# [EXERCISE INSTRUCTIONS]
Count the lines below holding "vzero" and answer with that number only.

(Dataset entries)
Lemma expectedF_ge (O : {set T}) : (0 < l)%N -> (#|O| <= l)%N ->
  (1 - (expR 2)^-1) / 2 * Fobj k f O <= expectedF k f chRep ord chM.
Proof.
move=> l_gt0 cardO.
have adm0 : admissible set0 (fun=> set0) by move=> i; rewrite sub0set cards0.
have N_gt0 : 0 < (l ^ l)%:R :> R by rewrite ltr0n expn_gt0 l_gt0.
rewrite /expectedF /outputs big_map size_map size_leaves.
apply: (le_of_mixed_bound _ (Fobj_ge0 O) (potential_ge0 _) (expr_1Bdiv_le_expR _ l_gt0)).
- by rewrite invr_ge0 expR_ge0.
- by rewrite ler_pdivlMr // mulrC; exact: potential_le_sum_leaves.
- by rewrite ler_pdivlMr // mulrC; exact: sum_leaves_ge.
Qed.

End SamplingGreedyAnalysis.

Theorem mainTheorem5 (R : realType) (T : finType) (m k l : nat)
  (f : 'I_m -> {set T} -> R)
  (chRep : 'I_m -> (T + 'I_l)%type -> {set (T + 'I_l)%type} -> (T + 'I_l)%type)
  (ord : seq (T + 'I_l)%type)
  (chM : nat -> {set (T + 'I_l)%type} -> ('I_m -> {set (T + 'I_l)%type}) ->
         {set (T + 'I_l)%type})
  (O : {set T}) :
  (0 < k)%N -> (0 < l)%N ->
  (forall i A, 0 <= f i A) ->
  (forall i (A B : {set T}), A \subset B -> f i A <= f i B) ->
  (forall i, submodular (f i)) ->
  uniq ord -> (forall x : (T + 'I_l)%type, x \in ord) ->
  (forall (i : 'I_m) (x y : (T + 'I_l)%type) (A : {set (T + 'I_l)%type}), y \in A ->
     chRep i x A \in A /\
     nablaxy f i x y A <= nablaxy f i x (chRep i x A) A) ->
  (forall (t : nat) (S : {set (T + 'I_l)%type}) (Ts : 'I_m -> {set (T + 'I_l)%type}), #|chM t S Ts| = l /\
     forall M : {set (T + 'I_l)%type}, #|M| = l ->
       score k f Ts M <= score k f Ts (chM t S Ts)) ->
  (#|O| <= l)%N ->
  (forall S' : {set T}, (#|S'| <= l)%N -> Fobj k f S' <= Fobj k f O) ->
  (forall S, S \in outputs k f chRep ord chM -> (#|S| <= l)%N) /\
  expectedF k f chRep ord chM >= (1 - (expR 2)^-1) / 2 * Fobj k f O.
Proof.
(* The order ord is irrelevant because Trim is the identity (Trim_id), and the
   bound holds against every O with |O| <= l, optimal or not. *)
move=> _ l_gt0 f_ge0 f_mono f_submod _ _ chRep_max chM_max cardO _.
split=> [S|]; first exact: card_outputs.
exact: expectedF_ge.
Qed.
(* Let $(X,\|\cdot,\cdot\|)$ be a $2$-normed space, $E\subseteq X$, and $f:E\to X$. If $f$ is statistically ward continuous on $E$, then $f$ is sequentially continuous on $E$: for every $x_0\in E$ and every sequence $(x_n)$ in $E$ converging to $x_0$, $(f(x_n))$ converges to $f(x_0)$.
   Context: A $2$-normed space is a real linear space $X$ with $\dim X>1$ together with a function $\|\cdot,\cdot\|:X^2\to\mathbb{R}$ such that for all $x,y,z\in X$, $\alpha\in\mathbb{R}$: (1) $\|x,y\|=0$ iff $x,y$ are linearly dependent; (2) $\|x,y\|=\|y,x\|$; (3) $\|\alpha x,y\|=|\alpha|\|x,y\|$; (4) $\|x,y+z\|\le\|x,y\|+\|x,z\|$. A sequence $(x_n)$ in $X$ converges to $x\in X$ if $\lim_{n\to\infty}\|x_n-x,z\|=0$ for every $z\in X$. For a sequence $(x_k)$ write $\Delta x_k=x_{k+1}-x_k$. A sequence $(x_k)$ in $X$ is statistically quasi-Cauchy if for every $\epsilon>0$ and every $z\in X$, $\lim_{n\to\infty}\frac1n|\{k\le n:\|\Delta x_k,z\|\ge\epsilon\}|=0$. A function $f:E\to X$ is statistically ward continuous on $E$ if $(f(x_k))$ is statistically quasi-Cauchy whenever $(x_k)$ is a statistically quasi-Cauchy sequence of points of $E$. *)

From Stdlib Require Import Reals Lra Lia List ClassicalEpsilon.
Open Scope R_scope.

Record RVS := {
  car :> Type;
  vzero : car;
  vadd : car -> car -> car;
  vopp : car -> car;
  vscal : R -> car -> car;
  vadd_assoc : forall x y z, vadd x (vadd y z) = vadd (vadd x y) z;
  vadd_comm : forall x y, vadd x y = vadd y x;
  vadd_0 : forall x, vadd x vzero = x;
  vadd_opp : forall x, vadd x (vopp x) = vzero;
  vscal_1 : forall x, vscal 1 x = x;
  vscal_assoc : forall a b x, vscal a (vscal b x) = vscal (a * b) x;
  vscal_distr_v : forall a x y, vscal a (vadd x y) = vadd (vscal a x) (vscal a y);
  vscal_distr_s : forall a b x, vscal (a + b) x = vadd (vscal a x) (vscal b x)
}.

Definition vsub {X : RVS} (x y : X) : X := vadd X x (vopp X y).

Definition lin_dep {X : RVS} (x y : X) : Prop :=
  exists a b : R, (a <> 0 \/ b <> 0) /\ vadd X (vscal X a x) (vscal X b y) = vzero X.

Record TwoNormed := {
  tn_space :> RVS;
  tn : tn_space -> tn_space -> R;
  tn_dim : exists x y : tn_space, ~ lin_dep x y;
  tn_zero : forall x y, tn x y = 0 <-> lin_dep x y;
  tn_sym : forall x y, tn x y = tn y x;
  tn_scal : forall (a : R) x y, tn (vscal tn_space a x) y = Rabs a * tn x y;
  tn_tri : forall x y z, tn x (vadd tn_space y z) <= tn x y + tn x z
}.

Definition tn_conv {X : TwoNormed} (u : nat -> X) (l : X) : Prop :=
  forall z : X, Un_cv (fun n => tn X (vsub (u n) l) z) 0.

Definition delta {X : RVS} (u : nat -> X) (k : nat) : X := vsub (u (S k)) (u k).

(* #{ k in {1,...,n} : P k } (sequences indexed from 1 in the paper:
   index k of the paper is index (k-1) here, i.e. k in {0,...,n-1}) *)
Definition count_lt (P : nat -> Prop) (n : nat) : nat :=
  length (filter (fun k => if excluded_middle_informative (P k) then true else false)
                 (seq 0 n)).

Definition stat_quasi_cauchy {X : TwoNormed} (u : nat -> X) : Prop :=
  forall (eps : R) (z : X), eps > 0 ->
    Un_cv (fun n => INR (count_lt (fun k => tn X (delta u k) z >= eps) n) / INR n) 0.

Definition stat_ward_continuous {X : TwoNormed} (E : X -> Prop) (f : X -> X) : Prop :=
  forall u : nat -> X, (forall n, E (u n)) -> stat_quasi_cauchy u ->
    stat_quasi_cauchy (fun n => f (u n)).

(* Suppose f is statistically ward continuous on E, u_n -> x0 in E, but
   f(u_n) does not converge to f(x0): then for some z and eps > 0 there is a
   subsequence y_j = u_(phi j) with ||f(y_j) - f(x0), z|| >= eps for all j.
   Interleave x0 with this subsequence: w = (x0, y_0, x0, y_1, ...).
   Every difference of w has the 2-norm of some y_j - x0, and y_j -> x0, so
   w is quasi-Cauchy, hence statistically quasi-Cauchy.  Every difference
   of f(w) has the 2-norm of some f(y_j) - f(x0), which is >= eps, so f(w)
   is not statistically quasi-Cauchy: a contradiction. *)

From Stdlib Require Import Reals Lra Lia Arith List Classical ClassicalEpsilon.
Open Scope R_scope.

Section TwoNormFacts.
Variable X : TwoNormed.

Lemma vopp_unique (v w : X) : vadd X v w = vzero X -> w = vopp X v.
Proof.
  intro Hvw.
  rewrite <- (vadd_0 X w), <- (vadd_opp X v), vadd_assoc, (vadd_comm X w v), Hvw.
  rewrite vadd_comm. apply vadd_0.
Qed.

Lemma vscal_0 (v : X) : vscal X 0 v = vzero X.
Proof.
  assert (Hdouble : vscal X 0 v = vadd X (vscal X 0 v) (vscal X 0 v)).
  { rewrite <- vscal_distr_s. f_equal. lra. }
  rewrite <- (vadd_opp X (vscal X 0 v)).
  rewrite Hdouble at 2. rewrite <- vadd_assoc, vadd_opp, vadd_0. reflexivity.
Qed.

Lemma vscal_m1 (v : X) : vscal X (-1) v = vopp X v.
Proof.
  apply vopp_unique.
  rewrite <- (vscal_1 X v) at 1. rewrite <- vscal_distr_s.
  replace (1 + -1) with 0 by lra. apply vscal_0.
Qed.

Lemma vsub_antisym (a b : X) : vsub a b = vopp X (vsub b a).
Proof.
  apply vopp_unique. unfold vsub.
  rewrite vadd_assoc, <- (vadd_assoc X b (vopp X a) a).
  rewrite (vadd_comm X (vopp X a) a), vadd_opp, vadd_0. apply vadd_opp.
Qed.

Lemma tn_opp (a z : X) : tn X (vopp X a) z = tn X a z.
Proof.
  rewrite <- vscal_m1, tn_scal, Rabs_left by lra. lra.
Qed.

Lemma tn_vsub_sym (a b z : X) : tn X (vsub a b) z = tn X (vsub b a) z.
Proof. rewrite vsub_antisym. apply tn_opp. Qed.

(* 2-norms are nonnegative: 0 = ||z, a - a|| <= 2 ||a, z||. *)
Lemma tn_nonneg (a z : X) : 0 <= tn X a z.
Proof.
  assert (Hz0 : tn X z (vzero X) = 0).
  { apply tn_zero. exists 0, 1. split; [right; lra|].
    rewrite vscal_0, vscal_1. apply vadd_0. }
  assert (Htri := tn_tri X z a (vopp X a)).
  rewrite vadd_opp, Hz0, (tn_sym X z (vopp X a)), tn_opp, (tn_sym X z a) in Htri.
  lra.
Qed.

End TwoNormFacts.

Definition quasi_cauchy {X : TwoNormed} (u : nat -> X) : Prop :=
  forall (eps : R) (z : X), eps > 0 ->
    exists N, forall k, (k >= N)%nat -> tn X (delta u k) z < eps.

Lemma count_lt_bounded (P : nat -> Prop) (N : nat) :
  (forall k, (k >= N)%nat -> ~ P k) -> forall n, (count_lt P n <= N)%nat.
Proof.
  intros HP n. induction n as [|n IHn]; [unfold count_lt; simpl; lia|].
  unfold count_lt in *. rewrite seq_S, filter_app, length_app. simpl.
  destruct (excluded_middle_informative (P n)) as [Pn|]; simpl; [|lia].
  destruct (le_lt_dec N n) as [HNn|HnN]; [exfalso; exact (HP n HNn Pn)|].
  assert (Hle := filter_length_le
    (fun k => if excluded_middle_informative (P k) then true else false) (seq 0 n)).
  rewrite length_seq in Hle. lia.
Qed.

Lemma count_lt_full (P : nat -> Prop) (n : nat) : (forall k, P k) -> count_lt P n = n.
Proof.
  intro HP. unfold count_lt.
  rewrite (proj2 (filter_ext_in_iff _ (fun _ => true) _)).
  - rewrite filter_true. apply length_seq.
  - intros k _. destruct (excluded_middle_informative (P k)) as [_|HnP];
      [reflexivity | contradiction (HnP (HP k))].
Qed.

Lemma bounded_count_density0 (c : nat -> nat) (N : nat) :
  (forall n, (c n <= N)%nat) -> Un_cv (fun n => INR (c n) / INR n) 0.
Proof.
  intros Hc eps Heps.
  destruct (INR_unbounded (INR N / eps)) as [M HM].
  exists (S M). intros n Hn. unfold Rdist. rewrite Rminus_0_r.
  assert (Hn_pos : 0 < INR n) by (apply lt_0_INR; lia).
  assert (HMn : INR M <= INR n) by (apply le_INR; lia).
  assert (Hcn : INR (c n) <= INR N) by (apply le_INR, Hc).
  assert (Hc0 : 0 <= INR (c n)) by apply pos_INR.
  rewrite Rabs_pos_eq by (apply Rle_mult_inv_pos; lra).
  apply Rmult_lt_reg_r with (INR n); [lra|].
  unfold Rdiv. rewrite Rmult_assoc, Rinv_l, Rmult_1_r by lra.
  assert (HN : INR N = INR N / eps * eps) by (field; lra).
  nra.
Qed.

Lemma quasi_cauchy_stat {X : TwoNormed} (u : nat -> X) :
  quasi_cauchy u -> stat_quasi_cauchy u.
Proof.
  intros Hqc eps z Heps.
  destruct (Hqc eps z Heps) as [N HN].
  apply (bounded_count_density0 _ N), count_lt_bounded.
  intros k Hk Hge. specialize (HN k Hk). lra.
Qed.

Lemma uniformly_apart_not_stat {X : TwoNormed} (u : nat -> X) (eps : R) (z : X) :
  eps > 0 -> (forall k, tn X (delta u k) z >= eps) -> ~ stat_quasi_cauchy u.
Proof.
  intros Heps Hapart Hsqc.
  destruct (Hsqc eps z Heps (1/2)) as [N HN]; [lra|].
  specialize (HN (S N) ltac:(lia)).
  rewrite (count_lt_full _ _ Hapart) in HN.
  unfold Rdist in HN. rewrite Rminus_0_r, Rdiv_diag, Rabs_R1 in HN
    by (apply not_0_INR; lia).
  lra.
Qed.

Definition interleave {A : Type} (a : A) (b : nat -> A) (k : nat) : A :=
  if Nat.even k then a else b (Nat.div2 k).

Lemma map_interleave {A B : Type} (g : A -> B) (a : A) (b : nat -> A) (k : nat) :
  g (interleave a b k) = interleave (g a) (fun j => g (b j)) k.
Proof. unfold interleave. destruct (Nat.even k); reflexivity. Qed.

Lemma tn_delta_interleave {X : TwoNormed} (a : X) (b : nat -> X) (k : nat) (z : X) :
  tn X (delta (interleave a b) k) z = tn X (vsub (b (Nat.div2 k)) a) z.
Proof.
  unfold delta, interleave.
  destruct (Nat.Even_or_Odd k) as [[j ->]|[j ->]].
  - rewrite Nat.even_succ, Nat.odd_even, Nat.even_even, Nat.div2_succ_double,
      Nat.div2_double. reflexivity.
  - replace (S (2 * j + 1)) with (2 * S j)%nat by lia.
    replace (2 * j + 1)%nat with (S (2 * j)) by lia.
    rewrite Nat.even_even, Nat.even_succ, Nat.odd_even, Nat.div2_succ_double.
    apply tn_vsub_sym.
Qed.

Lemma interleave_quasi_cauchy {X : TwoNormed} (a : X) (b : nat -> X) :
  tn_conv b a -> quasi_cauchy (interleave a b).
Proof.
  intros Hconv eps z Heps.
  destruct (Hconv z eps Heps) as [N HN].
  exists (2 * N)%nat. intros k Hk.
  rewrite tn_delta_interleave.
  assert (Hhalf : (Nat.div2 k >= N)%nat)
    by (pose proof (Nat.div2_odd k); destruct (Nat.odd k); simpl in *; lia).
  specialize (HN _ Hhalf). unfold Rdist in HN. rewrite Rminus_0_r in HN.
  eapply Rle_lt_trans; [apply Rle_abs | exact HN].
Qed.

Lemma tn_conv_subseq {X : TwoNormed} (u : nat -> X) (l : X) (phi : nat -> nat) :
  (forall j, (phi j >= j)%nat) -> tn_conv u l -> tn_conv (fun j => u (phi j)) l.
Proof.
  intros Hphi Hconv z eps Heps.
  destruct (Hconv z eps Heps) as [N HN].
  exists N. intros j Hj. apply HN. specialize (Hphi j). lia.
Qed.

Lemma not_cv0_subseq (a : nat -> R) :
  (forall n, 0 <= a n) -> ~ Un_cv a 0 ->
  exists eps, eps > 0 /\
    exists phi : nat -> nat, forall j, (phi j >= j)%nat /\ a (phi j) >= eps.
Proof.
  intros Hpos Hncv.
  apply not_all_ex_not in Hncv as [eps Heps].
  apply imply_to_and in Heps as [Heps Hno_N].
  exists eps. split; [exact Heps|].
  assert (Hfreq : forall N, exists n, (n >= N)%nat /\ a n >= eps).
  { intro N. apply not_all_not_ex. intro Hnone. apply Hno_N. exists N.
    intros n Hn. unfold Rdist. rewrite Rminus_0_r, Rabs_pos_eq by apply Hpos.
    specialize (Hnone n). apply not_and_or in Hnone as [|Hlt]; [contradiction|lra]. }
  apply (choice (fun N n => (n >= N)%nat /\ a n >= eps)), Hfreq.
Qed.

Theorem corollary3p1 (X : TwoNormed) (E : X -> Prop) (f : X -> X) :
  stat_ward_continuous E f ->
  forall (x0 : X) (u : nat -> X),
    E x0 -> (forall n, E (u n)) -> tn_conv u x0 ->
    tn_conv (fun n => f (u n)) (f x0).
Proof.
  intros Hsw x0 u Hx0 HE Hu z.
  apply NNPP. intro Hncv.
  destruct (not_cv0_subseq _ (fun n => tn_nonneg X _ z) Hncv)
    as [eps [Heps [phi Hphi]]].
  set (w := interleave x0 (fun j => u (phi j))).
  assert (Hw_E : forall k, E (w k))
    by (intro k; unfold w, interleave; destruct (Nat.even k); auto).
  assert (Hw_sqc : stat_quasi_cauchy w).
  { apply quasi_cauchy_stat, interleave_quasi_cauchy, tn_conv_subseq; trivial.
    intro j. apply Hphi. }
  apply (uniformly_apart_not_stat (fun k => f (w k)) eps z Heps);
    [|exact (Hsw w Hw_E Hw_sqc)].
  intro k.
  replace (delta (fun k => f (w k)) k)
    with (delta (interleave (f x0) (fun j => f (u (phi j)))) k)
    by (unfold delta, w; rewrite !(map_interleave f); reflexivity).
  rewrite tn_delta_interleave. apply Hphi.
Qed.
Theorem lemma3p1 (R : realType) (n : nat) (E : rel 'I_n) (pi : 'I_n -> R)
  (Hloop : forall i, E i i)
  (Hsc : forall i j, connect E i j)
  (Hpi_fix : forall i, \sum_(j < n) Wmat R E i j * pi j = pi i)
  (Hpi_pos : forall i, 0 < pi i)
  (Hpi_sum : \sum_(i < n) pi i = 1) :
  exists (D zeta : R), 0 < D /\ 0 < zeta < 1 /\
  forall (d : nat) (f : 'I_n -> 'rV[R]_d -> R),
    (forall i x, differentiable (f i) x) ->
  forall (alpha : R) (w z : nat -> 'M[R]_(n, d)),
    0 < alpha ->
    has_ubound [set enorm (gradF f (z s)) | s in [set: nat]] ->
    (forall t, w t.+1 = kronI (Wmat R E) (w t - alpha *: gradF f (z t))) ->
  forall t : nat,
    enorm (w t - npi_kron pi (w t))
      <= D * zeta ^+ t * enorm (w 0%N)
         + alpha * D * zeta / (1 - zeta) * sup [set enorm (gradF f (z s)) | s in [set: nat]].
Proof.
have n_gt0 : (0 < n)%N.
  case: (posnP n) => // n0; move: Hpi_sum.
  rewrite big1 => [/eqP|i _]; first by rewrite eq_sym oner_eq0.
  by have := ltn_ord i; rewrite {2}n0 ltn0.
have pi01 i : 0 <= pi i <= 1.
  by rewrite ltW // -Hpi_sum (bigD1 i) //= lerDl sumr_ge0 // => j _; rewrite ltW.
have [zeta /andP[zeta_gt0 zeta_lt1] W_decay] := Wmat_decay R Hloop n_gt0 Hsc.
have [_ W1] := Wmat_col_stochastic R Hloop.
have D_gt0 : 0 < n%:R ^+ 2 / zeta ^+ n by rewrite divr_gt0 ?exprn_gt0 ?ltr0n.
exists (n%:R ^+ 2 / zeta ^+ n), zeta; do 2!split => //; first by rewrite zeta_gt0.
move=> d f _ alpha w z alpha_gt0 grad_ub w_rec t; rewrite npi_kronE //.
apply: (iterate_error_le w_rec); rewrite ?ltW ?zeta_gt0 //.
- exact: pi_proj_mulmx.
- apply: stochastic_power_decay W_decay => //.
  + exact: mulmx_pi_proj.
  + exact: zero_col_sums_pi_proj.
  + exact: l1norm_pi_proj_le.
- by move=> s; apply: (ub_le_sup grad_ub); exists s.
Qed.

# [REPLY]
7